*Exercise details*. Only one stretch of the records below should be repeated. It starts with the line containing "interval of length [L]" and goes on through the line containing "(* Take a time", exactly as written.

***

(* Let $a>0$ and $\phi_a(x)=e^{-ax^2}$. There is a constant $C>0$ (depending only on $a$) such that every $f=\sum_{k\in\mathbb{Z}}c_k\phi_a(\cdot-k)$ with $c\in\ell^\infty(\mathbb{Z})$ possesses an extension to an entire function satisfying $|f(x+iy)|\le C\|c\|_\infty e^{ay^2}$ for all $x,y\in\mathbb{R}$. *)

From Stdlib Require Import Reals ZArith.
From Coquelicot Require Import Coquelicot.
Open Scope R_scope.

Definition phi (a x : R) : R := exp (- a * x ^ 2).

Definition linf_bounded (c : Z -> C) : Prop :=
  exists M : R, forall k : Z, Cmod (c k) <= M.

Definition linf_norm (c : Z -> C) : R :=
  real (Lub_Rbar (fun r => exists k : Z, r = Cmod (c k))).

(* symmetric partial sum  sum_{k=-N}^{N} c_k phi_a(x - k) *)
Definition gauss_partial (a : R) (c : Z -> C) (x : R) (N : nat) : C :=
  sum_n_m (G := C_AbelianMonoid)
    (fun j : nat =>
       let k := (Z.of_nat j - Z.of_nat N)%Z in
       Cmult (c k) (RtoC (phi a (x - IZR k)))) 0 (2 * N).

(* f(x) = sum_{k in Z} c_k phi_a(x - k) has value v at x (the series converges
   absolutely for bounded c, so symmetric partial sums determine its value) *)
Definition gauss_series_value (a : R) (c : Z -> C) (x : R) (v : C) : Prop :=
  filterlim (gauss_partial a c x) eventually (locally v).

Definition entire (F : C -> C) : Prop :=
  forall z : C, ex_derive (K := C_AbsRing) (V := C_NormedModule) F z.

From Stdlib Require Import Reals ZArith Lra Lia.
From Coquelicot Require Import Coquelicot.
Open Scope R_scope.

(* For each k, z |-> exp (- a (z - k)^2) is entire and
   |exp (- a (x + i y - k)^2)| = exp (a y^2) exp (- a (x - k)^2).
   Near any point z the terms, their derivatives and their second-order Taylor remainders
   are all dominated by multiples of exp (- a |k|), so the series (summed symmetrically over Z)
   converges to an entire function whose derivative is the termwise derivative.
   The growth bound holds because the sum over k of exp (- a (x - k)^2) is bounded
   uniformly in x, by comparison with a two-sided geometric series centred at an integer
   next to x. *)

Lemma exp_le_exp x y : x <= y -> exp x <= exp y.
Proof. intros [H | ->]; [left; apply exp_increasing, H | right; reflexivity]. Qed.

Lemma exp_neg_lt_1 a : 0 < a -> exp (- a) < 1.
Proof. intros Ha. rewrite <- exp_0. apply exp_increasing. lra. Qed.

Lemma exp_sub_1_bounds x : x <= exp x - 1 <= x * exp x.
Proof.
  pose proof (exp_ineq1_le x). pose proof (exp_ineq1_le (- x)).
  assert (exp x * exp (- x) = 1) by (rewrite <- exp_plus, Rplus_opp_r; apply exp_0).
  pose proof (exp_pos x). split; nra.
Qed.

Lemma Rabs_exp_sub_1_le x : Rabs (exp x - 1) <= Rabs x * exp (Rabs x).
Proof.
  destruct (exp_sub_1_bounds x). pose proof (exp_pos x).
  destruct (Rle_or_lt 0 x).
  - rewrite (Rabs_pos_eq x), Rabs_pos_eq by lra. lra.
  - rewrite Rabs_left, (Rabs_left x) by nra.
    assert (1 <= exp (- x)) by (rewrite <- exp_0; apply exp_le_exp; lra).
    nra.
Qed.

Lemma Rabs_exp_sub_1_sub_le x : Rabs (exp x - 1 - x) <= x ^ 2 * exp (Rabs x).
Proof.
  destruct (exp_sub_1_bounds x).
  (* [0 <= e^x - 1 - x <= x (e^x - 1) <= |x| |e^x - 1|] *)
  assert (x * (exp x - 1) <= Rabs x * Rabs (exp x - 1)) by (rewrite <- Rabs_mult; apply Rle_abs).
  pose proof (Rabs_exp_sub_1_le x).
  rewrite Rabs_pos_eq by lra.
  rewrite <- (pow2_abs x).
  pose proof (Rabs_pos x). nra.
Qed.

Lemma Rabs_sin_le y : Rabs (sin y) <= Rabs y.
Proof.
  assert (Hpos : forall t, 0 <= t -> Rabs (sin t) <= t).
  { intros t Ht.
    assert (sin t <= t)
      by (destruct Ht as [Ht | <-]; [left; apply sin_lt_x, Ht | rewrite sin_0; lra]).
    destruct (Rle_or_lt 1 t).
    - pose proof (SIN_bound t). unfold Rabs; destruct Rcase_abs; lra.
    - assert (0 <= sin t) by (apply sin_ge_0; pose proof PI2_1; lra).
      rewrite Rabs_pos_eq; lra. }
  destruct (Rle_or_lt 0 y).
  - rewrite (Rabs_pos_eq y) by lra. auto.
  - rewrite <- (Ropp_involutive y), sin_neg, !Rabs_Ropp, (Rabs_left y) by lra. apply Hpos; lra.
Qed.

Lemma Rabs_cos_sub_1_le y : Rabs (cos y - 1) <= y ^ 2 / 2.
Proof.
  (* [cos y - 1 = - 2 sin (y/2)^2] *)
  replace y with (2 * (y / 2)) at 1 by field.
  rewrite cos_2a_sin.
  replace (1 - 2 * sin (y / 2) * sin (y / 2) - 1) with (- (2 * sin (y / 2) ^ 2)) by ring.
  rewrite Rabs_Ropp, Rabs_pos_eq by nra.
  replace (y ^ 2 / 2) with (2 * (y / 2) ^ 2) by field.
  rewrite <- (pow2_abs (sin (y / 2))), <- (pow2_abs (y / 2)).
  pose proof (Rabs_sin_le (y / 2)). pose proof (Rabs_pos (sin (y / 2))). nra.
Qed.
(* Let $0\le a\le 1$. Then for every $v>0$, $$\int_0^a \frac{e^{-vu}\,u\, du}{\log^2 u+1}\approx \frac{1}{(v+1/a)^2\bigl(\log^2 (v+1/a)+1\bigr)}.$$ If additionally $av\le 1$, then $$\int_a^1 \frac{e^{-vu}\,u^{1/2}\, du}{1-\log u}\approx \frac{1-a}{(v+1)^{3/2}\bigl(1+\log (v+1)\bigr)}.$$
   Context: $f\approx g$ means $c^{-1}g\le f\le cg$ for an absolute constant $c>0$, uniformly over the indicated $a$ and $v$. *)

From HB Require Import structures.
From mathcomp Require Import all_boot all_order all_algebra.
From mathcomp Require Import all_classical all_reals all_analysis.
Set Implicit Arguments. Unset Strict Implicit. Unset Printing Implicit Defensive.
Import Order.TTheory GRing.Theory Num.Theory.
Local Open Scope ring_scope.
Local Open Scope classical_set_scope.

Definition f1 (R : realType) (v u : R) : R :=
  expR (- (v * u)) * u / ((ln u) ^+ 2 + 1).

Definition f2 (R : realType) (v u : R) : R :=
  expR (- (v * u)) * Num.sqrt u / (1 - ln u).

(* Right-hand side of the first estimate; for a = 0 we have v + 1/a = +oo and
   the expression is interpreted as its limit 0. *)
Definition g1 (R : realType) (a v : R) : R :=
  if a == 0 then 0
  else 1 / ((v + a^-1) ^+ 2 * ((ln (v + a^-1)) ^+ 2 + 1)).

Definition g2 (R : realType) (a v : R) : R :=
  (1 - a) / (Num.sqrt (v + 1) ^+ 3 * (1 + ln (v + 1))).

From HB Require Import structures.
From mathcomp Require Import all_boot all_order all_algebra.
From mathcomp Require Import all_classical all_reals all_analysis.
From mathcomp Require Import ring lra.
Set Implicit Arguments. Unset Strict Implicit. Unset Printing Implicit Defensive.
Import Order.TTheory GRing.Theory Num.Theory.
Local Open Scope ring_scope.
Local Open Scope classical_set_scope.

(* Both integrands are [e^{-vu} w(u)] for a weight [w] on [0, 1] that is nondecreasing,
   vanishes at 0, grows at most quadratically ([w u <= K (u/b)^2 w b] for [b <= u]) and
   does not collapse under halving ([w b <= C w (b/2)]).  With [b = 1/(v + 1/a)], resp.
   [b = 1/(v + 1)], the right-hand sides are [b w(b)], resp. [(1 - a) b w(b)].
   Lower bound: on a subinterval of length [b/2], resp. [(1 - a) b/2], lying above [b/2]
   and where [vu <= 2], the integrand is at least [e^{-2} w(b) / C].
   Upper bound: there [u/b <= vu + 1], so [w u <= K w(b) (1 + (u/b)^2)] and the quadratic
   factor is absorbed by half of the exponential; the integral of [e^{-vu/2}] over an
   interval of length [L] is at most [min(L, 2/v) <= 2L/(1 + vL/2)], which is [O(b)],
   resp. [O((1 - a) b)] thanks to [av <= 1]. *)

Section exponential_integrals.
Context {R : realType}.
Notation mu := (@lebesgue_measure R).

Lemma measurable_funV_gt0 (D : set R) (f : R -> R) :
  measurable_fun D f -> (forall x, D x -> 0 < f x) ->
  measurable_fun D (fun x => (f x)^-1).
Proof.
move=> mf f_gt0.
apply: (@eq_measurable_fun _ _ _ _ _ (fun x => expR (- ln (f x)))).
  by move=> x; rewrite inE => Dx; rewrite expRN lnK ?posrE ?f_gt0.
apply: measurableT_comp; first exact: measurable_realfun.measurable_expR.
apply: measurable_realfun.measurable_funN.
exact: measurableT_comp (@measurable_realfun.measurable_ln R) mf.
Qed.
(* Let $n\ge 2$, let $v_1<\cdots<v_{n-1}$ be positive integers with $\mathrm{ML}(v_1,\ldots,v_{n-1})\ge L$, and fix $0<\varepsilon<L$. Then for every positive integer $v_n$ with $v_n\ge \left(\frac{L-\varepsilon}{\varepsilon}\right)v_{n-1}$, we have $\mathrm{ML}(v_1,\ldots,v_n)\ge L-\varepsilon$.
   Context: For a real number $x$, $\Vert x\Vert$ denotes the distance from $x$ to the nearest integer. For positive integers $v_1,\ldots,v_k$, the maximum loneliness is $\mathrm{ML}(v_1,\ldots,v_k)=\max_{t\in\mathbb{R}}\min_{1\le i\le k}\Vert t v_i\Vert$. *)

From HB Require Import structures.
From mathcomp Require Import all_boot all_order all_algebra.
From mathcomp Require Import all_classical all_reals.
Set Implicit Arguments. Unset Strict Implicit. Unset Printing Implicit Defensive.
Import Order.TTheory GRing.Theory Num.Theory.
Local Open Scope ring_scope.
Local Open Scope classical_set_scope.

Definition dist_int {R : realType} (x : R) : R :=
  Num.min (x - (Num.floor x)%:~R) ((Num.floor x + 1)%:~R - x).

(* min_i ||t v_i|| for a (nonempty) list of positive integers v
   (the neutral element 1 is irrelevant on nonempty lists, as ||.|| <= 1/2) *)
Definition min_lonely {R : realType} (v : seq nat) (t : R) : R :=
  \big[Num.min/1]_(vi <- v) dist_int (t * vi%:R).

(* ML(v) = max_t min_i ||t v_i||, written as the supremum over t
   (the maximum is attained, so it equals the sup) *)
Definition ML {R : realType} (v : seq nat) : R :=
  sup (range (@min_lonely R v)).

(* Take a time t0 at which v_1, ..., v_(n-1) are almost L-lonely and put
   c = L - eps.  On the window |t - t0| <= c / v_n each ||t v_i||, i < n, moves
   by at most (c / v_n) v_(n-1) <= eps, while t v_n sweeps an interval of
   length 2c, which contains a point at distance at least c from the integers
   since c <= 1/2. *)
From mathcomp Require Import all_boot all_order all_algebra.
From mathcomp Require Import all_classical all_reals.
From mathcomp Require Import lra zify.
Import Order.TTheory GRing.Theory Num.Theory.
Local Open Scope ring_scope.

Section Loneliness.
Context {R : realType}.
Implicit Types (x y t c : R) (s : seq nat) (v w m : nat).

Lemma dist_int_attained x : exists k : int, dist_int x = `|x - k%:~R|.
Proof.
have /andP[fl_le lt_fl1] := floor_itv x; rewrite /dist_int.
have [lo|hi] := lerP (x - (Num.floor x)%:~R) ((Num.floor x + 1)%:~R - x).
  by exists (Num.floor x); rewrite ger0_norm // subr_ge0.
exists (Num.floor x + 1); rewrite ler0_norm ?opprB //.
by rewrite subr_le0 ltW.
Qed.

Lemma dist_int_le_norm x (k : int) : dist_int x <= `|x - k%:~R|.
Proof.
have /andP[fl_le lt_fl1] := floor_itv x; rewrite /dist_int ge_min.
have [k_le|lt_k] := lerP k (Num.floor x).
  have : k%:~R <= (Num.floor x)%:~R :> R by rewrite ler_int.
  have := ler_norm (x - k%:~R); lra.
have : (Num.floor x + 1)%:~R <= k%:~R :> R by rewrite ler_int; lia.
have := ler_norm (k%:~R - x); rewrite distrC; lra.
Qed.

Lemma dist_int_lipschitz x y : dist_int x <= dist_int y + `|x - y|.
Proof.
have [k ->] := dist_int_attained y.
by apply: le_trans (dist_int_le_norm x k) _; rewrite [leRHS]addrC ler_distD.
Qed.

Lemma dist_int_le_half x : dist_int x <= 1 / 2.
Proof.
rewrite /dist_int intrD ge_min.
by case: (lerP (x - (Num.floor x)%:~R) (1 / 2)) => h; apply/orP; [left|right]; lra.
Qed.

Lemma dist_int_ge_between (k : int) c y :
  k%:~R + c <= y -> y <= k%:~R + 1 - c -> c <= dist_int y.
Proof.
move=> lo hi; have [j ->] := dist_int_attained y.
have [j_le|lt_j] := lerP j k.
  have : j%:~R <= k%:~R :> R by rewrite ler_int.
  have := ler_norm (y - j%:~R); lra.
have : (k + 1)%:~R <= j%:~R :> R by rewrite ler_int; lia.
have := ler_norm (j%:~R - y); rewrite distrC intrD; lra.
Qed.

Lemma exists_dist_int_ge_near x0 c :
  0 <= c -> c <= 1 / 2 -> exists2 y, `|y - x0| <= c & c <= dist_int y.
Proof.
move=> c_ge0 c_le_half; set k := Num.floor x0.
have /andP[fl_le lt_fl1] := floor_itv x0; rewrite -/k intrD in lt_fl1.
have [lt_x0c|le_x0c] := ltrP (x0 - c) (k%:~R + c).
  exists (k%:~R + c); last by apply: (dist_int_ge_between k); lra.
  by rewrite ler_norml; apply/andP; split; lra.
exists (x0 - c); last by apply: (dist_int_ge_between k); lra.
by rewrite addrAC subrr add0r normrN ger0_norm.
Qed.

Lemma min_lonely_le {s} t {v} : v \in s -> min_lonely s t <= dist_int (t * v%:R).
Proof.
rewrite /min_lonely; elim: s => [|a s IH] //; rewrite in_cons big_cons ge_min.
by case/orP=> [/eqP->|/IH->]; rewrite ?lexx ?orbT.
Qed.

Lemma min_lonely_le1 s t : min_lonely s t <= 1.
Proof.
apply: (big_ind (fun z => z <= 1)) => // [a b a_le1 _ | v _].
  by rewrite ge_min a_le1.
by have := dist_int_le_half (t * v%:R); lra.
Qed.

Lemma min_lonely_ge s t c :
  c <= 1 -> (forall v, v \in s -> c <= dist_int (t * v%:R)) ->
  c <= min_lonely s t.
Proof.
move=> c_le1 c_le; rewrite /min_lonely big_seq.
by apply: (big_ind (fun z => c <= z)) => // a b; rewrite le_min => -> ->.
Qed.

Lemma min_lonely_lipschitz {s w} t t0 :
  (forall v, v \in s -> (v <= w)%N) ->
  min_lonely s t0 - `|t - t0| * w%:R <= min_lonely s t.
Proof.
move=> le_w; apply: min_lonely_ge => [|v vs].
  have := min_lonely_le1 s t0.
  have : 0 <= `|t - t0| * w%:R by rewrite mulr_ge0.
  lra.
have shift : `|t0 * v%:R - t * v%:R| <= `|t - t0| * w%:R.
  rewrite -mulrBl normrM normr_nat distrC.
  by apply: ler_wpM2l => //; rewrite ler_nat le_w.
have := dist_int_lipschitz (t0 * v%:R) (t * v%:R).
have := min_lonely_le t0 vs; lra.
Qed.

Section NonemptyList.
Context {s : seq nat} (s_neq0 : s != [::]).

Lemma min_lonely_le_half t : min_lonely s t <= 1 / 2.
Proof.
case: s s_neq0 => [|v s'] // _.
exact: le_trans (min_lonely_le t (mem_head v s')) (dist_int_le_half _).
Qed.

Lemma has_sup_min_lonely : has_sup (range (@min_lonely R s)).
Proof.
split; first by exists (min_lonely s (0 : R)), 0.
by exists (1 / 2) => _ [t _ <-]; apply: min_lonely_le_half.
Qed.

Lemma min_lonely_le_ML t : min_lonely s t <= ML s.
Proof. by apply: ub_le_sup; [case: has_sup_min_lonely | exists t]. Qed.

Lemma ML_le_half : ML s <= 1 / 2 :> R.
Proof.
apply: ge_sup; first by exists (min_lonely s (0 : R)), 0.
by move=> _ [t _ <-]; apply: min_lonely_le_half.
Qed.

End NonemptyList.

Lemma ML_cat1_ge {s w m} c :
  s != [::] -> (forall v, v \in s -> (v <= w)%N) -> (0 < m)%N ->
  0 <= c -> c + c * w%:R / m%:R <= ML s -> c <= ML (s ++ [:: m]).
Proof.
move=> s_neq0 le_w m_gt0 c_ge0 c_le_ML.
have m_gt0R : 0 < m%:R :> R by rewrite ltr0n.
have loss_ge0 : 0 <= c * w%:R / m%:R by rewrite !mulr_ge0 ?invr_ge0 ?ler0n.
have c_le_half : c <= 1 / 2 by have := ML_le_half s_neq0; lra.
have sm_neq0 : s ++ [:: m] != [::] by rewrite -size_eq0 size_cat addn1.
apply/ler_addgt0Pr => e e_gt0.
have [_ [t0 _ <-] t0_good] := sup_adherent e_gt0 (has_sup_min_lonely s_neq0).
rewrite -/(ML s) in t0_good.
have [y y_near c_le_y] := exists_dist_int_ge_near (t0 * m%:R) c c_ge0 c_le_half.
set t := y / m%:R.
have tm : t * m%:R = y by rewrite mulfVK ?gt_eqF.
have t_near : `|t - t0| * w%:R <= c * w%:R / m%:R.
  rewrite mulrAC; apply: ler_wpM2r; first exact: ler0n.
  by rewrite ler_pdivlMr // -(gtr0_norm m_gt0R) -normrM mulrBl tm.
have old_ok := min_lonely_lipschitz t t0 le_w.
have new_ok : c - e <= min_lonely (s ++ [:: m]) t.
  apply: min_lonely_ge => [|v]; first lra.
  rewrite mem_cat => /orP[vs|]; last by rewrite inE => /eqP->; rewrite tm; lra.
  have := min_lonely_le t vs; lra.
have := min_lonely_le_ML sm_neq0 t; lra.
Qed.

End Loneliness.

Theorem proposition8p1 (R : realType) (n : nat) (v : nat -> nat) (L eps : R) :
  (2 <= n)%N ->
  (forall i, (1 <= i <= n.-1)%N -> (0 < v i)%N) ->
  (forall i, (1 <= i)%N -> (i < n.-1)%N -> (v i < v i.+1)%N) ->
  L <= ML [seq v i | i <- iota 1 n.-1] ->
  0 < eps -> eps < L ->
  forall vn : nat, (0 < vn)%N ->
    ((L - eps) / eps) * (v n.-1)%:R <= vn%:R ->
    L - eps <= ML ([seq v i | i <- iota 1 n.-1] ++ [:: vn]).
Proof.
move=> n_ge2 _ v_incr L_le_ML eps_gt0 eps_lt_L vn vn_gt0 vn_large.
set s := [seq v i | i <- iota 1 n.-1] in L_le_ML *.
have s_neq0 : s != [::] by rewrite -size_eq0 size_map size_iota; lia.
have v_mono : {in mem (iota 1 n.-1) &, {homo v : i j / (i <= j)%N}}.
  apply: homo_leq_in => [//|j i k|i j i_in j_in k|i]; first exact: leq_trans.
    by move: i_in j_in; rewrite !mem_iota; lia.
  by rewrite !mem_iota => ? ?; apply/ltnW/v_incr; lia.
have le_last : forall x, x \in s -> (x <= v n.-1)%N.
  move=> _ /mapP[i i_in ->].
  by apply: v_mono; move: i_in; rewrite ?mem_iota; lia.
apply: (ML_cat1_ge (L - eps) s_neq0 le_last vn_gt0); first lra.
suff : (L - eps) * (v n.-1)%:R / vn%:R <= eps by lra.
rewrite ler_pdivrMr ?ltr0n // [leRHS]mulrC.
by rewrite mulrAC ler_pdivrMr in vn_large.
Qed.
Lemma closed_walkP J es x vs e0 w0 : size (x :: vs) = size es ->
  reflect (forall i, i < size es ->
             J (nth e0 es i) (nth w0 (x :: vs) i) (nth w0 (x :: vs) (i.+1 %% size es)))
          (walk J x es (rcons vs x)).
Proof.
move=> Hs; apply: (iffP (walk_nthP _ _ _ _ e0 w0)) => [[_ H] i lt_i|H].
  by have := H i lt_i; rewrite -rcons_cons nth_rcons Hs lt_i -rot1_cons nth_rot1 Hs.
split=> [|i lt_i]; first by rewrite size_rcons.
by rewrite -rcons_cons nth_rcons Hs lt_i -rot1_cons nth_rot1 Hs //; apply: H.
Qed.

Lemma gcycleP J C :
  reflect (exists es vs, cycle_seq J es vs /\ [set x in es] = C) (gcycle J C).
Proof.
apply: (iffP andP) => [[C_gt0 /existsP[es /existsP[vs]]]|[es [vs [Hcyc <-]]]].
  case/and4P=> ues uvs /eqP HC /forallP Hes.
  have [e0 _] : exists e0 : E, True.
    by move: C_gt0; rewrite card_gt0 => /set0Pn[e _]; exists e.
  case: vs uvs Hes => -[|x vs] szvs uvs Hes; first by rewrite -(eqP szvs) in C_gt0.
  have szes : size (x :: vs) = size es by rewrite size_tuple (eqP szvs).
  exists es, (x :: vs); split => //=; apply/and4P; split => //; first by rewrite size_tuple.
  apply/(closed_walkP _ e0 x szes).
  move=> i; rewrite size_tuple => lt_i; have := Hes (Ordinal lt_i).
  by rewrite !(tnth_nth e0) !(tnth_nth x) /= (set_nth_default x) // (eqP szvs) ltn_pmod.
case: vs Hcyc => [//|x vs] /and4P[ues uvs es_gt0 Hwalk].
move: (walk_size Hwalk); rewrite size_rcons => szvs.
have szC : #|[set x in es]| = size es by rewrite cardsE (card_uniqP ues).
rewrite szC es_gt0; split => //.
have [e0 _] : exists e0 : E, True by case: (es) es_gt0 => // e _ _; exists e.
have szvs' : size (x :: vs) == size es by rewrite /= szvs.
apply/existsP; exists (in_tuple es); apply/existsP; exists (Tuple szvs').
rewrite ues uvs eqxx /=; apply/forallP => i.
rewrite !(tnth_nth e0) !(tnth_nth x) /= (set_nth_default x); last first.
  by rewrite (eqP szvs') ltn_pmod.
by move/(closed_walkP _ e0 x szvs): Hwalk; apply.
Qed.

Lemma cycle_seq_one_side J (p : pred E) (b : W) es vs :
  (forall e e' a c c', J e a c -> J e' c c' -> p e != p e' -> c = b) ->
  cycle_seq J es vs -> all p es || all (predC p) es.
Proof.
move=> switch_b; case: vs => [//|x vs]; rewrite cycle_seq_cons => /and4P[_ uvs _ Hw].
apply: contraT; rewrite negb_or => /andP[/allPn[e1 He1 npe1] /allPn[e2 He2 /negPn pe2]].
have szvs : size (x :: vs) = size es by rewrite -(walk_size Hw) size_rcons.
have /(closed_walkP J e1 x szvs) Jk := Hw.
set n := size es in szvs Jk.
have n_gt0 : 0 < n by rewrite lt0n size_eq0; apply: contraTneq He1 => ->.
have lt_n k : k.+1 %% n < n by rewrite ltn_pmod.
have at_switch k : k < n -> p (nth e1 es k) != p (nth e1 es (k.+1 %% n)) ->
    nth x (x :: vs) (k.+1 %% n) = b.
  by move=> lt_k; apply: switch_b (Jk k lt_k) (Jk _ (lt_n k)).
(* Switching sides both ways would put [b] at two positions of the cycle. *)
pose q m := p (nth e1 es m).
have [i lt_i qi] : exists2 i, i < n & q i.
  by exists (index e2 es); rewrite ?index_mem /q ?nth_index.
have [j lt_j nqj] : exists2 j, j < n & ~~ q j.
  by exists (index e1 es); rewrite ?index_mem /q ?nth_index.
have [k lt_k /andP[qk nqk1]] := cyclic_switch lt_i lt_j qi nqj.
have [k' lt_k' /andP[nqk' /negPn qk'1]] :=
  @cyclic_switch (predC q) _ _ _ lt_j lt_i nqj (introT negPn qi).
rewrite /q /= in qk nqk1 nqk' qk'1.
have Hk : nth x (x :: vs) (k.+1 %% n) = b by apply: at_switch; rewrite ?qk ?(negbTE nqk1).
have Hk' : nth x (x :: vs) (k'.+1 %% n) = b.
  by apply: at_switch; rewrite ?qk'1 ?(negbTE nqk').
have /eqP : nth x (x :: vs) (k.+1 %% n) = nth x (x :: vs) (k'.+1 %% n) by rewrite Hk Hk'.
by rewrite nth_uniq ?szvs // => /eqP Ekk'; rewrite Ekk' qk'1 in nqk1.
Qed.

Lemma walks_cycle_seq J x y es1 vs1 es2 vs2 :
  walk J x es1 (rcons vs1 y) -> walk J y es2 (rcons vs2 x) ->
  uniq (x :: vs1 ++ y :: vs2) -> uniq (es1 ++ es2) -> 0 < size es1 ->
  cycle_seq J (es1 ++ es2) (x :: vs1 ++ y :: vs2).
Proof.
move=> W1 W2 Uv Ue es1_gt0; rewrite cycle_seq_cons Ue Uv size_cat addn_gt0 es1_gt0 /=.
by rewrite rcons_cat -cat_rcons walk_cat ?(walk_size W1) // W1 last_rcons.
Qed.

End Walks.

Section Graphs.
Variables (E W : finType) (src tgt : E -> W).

***

*Output for this task*.
   interval of length [L] is at most [min(L, 2/v) <= 2L/(1 + vL/2)], which is [O(b)],
   resp. [O((1 - a) b)] thanks to [av <= 1]. *)

Section exponential_integrals.
Context {R : realType}.
Notation mu := (@lebesgue_measure R).

Lemma measurable_funV_gt0 (D : set R) (f : R -> R) :
  measurable_fun D f -> (forall x, D x -> 0 < f x) ->
  measurable_fun D (fun x => (f x)^-1).
Proof.
move=> mf f_gt0.
apply: (@eq_measurable_fun _ _ _ _ _ (fun x => expR (- ln (f x)))).
  by move=> x; rewrite inE => Dx; rewrite expRN lnK ?posrE ?f_gt0.
apply: measurableT_comp; first exact: measurable_realfun.measurable_expR.
apply: measurable_realfun.measurable_funN.
exact: measurableT_comp (@measurable_realfun.measurable_ln R) mf.
Qed.
(* Let $n\ge 2$, let $v_1<\cdots<v_{n-1}$ be positive integers with $\mathrm{ML}(v_1,\ldots,v_{n-1})\ge L$, and fix $0<\varepsilon<L$. Then for every positive integer $v_n$ with $v_n\ge \left(\frac{L-\varepsilon}{\varepsilon}\right)v_{n-1}$, we have $\mathrm{ML}(v_1,\ldots,v_n)\ge L-\varepsilon$.
   Context: For a real number $x$, $\Vert x\Vert$ denotes the distance from $x$ to the nearest integer. For positive integers $v_1,\ldots,v_k$, the maximum loneliness is $\mathrm{ML}(v_1,\ldots,v_k)=\max_{t\in\mathbb{R}}\min_{1\le i\le k}\Vert t v_i\Vert$. *)

From HB Require Import structures.
From mathcomp Require Import all_boot all_order all_algebra.
From mathcomp Require Import all_classical all_reals.
Set Implicit Arguments. Unset Strict Implicit. Unset Printing Implicit Defensive.
Import Order.TTheory GRing.Theory Num.Theory.
Local Open Scope ring_scope.
Local Open Scope classical_set_scope.

Definition dist_int {R : realType} (x : R) : R :=
  Num.min (x - (Num.floor x)%:~R) ((Num.floor x + 1)%:~R - x).

(* min_i ||t v_i|| for a (nonempty) list of positive integers v
   (the neutral element 1 is irrelevant on nonempty lists, as ||.|| <= 1/2) *)
Definition min_lonely {R : realType} (v : seq nat) (t : R) : R :=
  \big[Num.min/1]_(vi <- v) dist_int (t * vi%:R).

(* ML(v) = max_t min_i ||t v_i||, written as the supremum over t
   (the maximum is attained, so it equals the sup) *)
Definition ML {R : realType} (v : seq nat) : R :=
  sup (range (@min_lonely R v)).

(* Take a time t0 at which v_1, ..., v_(n-1) are almost L-lonely and put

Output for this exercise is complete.